## [Collected data]
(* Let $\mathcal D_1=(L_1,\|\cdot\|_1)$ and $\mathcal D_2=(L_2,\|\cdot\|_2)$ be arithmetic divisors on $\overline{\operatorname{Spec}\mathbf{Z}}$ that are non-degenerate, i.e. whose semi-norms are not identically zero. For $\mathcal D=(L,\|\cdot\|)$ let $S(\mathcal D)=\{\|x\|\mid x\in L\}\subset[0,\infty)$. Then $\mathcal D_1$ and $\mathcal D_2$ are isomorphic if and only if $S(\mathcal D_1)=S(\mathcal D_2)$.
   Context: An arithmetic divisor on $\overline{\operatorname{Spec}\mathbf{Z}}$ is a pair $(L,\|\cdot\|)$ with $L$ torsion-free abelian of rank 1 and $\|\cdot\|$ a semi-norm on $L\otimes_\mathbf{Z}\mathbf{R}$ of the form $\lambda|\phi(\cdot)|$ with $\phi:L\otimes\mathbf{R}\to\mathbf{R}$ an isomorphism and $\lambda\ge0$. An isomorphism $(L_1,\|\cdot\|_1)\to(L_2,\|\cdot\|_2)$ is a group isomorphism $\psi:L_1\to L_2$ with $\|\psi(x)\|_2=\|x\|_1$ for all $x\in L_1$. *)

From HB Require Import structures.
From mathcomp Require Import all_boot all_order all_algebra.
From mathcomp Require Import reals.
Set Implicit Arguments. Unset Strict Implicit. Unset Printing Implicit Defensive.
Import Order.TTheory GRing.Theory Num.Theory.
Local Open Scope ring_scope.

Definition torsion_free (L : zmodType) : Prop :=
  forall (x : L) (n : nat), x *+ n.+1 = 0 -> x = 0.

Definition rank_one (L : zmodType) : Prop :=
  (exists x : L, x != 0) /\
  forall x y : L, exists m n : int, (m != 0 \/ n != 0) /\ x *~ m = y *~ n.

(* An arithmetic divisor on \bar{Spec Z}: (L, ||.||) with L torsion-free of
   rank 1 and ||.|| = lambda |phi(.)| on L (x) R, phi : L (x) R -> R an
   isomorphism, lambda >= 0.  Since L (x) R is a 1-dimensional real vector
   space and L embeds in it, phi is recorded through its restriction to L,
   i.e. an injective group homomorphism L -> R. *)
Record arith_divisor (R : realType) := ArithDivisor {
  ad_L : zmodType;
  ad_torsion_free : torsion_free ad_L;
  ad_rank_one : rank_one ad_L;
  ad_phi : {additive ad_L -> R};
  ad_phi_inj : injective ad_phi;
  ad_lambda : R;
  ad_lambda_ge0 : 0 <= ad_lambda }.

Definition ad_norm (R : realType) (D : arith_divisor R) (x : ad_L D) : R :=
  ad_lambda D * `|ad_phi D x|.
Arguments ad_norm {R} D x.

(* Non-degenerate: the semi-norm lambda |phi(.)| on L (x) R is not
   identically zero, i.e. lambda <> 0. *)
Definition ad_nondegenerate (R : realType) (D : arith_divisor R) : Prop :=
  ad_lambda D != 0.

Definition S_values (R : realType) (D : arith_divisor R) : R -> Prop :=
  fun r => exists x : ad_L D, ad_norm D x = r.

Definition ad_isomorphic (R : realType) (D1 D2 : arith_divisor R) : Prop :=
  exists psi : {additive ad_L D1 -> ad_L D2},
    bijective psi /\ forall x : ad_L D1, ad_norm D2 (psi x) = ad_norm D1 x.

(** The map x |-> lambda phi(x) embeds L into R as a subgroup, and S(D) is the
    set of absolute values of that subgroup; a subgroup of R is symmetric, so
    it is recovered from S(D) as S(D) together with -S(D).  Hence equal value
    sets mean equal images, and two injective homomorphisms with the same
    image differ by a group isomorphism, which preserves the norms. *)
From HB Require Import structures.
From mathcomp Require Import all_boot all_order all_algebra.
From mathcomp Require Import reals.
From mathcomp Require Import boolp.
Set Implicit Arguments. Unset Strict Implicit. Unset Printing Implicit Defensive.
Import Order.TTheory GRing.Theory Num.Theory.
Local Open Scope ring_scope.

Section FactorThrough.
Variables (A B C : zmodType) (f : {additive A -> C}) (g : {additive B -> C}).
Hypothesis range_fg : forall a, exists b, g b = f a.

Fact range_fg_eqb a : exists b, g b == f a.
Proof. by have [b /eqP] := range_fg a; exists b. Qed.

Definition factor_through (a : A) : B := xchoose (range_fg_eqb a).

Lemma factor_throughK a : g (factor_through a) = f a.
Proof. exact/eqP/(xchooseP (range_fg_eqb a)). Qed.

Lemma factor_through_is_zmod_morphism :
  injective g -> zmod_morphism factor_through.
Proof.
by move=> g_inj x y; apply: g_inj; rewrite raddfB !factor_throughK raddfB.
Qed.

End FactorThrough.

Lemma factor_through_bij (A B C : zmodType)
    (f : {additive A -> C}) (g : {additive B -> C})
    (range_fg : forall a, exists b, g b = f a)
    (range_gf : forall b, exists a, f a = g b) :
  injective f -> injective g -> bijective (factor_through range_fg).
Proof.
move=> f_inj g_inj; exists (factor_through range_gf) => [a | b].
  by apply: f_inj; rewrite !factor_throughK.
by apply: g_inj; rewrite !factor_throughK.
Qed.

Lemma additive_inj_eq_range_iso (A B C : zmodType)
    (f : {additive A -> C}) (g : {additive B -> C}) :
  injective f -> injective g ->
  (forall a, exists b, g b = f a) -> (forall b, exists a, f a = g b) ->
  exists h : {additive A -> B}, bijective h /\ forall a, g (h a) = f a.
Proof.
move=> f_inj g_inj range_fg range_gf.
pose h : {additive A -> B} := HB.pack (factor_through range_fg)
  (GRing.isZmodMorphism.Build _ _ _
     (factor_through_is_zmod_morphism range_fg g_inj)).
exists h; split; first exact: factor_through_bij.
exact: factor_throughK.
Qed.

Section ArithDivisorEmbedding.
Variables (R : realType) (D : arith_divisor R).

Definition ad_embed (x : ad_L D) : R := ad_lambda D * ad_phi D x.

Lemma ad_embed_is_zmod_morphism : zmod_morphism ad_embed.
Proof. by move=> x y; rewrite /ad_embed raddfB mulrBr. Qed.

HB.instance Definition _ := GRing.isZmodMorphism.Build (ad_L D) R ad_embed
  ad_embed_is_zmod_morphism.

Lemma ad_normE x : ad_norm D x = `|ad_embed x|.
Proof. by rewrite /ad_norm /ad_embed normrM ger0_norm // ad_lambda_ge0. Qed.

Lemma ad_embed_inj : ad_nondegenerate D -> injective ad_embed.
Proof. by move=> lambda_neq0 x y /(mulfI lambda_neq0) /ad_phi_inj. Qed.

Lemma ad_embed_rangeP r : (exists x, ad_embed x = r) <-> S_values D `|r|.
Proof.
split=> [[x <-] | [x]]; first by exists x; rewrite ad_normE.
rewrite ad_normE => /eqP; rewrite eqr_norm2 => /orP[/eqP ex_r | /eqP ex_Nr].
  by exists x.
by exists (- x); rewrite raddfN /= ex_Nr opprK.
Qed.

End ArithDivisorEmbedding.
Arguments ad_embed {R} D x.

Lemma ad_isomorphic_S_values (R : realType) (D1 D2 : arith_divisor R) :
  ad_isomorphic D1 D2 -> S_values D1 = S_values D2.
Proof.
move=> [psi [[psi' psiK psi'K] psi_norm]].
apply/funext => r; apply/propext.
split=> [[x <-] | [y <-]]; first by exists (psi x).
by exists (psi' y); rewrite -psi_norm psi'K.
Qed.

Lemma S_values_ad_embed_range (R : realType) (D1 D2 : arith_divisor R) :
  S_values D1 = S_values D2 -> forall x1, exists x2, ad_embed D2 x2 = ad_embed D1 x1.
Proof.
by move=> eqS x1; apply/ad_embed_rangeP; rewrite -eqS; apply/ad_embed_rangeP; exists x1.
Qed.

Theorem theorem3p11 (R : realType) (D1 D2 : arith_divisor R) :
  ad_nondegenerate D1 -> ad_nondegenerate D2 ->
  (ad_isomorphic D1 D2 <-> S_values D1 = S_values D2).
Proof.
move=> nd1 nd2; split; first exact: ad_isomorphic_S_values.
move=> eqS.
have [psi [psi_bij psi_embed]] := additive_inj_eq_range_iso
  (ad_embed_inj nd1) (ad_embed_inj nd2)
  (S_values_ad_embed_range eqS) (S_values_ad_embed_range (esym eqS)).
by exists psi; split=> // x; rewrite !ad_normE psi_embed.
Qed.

## [Work task]
Provide an exact transcript of the lines from the one that holds "Theorem theorem3p11 (R" through the final line of the data above.

## [Task result]
Theorem theorem3p11 (R : realType) (D1 D2 : arith_divisor R) :
  ad_nondegenerate D1 -> ad_nondegenerate D2 ->
  (ad_isomorphic D1 D2 <-> S_values D1 = S_values D2).
Proof.
move=> nd1 nd2; split; first exact: ad_isomorphic_S_values.
move=> eqS.
have [psi [psi_bij psi_embed]] := additive_inj_eq_range_iso
  (ad_embed_inj nd1) (ad_embed_inj nd2)
  (S_values_ad_embed_range eqS) (S_values_ad_embed_range (esym eqS)).
by exists psi; split=> // x; rewrite !ad_normE psi_embed.
Qed.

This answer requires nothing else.